Re: [PATCH] rt2x00: fix rx queue hang

From: Stanislaw Gruszka
Date: Tue Jun 18 2019 - 05:39:42 EST


On Mon, Jun 17, 2019 at 11:46:56AM +0200, Soeren Moch wrote:
> Since commit ed194d136769 ("usb: core: remove local_irq_save() around
> ->complete() handler") the handlers rt2x00usb_interrupt_rxdone() and
> rt2x00usb_interrupt_txdone() are not running with interrupts disabled
> anymore. So these handlers are not guaranteed to run completely before
> workqueue processing starts. So only mark entries ready for workqueue
> processing after proper accounting in the dma done queue.

It was always the case on SMP machines that rt2x00usb_interrupt_{tx/rx}done
can run concurrently with rt2x00_work_{rx,tx}done, so I do not
understand how removing local_irq_save() around complete handler broke

Have you reverted commit ed194d136769 and the revert does solve the problem ?

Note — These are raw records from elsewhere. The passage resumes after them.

(* Let $m/n\in(0,1/2]$, $k\in\{0,\dots,m-1\}$ and $\gamma\in\{A,B\}$ (with $\gamma=B$ if $k=0$). An element $d=((N_r),\pi,(A,B,C))$ of $\mathcal D_n$ equals $d(P)$ for some $P\in\mathcal P(m/n,k,\gamma)$ if and only if: (a) for all $r>0$: (i) $\pi_1(r,s)=r+_nm$ for all $s$, and $\pi_2(r,s)$ is increasing in $s$; (ii) $\pi_2(r,0)=0$; (b) for $r=0$: (i) $0\in\gamma$; (ii) $\pi_1(0,0)=k$; (iii) if $c$ is the unique element of $C$ then $\pi(0,c)=(m,0)$; (iv) $\pi_1(0,s)\in\{k,\dots,m\}$ for all $s$ and is increasing in $s$; (v) if $s_1<s_2$, $\pi_1(0,s_1)=\pi_1(0,s_2)$ and $s_1\in B\cup C$, then $s_2\in B$; (vi) if $s_1<s_2$, $\pi_1(0,s_1)=\pi_1(0,s_2)$ and $s_1,s_2\in A$ (resp. $s_1,s_2\in B$), then $\pi_2(0,s_1)>\pi_2(0,s_2)$ (resp. $\pi_2(0,s_1)<\pi_2(0,s_2)$).
   Context: For $n\ge2$, $\Gamma_n$ is an $n$-star with edges $e_0,\dots,e_{n-1}$ (initial points of valence 1, final points meeting at a central vertex $v$, cyclically ordered by index). For $m/n\in(0,1/2]$ in lowest terms, $f_{m/n}\colon\Gamma_n\to\Gamma_n$ has $f_{m/n}(e_0)=e_0\bar e_1e_1\cdots\bar e_me_m$ and $f_{m/n}(e_r)=e_{r+_nm}$ for $r\ne0$, expanding uniformly away from preimages of vertices. A $\ast$-orbit is a periodic orbit $P$ of $f_{m/n}$ with $P\ne\{v\}$, $P\cap e_r\ne\emptyset$ for all $r$, $f_{m/n}(P\cap e_0)\not\subseteq e_m$, and $f_{m/n}(p_r)=p_{r+_nm}$ for all $r\ne0$, where $p_r$ is the point of $P\cap e_r$ closest to the initial point of $e_r$. The span $\Gamma_n^P$ is the smallest connected set containing $P$; the truncation is $f^P_{m/n}=r_P\circ f_{m/n}\colon\Gamma^P_n\to\Gamma^P_n$ where $r_P$ is the identity on $\Gamma^P_n$ and sends $x\notin\Gamma^P_n$ to the endpoint of $\Gamma^P_n$ on the edge containing $x$. $\mathcal D_n$ is the set of triples $((N_0,\dots,N_{n-1}),\pi,(A,B,C))$ with each $N_r$ a positive integer, $\pi$ a cyclic permutation of $\mathcal L=\{(r,s)\colon0\le r<n,\,0\le s<N_r\}$, and $(A,B,C)$ a partition of $\{0,\dots,N_0-1\}$ with $\#C=1$. For a $\ast$-orbit $P$, its data $d(P)$ is given by $N_r=\#(P\cap e_r)$; the points of $P\cap e_r$ are labelled $(r,0),\dots,(r,N_r-1)$ from the initial to the final point of $e_r$, and $\pi=f_{m/n}|_P$ in this labelling; $s\in A$, $B$ or $C$ according as $f^P_{m/n}$ is locally orientation-reversing, locally orientation-preserving, or not locally injective at $(0,s)$. $\mathcal P(m/n,k,\gamma)$ is the set of $\ast$-orbits with $f_{m/n}((0,0))\in e_k$ and $0\in\gamma$. Write $\tau_1,\tau_2$ for the projections of $\mathcal L$ to the first and second coordinates, $\pi_1=\tau_1\circ\pi$, $\pi_2=\tau_2\circ\pi$. *)

From Stdlib Require Import Reals Lra Lia Arith.
Open Scope R_scope.

(* A point is either the central vertex v ([Vc]) or the point of edge e_r
   at position t in [0,1): t = 0 is the initial (valence-1) point of e_r,
   and t -> 1 approaches the central vertex v (position 1). *)
Inductive pt : Type := Vc | Ed (r : nat) (t : R).

Definition valid (n : nat) (p : pt) : Prop :=
  match p with Vc => True | Ed r t => (r < n)%nat /\ 0 <= t < 1 end.

Definition pos (p : pt) : R := match p with Vc => 1 | Ed _ t => t end.

Definition on_edge (r : nat) (p : pt) : Prop := p = Vc \/ exists t, p = Ed r t.

Definition mkpt (i : nat) (s : R) : pt :=
  if Req_EM_T s 1 then Vc else Ed i s.

Definition floorN (x : R) : nat := Z.to_nat (Int_part x).

(* f_{m/n}: e_r -> e_{r+_n m} isometrically for r <> 0; e_0 is cut into 2m+1
   equal pieces mapped linearly onto e_0, ebar_1, e_1, ..., ebar_m, e_m. *)
Definition fmap (n m : nat) (p : pt) : pt :=
  match p with
  | Vc => Vc
  | Ed O t =>
      let x := INR (2 * m + 1) * t in
      let j := floorN x in
      let u := x - INR j in
      if Nat.eqb j 0 then Ed 0 u
      else if Nat.odd j then mkpt ((j + 1) / 2) (1 - u)
      else Ed (j / 2) u
  | Ed r t => mkpt ((r + m) mod n) t
  end.

Definition periodic_orbit (n m : nat) (P : pt -> Prop) : Prop :=
  exists x per, valid n x /\ (0 < per)%nat /\ Nat.iter per (fmap n m) x = x /\
    forall y, P y <-> exists j, y = Nat.iter j (fmap n m) x.

Definition is_first (P : pt -> Prop) (r : nat) (p : pt) : Prop :=
  P p /\ on_edge r p /\ forall q, P q -> on_edge r q -> pos p <= pos q.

Between 4.19 and 4.20 we have some quite big changes in rt2x00 driver:

0240564430c0 rt2800: flush and txstatus rework for rt2800mmio
adf26a356f13 rt2x00: use different txstatus timeouts when flushing
5022efb50f62 rt2x00: do not check for txstatus timeout every time on tasklet
0b0d556e0ebb rt2800mmio: use txdone/txstatus routines from lib
5c656c71b1bf rt2800: move usb specific txdone/txstatus routines to rt2800lib

so I'm a bit afraid that one of those changes is real cause of
the issue not ed194d136769 .

> Note that rt2x00usb_work_rxdone() processes all available entries, not
> only such for which queue_work() was called.
> This fixes a regression on a RT5370 based wifi stick in AP mode, which
> suddenly stopped data transmission after some period of heavy load. Also
> stopping the hanging hostapd resulted in the error message "ieee80211
> phy0: rt2x00queue_flush_queue: Warning - Queue 14 failed to flush".
> Other operation modes are probably affected as well, this just was
> the used testcase.

Do you know what actually make the traffic stop,
TX queue hung or RX queue hung?

> diff --git a/drivers/net/wireless/ralink/rt2x00/rt2x00dev.c b/drivers/net/wireless/ralink/rt2x00/rt2x00dev.c
> index 1b08b01db27b..9c102a501ee6 100644
> --- a/drivers/net/wireless/ralink/rt2x00/rt2x00dev.c
> +++ b/drivers/net/wireless/ralink/rt2x00/rt2x00dev.c
> @@ -263,9 +263,9 @@ EXPORT_SYMBOL_GPL(rt2x00lib_dmastart);
> void rt2x00lib_dmadone(struct queue_entry *entry)
> {
> - set_bit(ENTRY_DATA_STATUS_PENDING, &entry->flags);
> clear_bit(ENTRY_OWNER_DEVICE_DATA, &entry->flags);
> rt2x00queue_index_inc(entry, Q_INDEX_DMA_DONE);
> + set_bit(ENTRY_DATA_STATUS_PENDING, &entry->flags);

Unfortunately I do not understand how this suppose to fix the problem,
could you elaborate more about this change?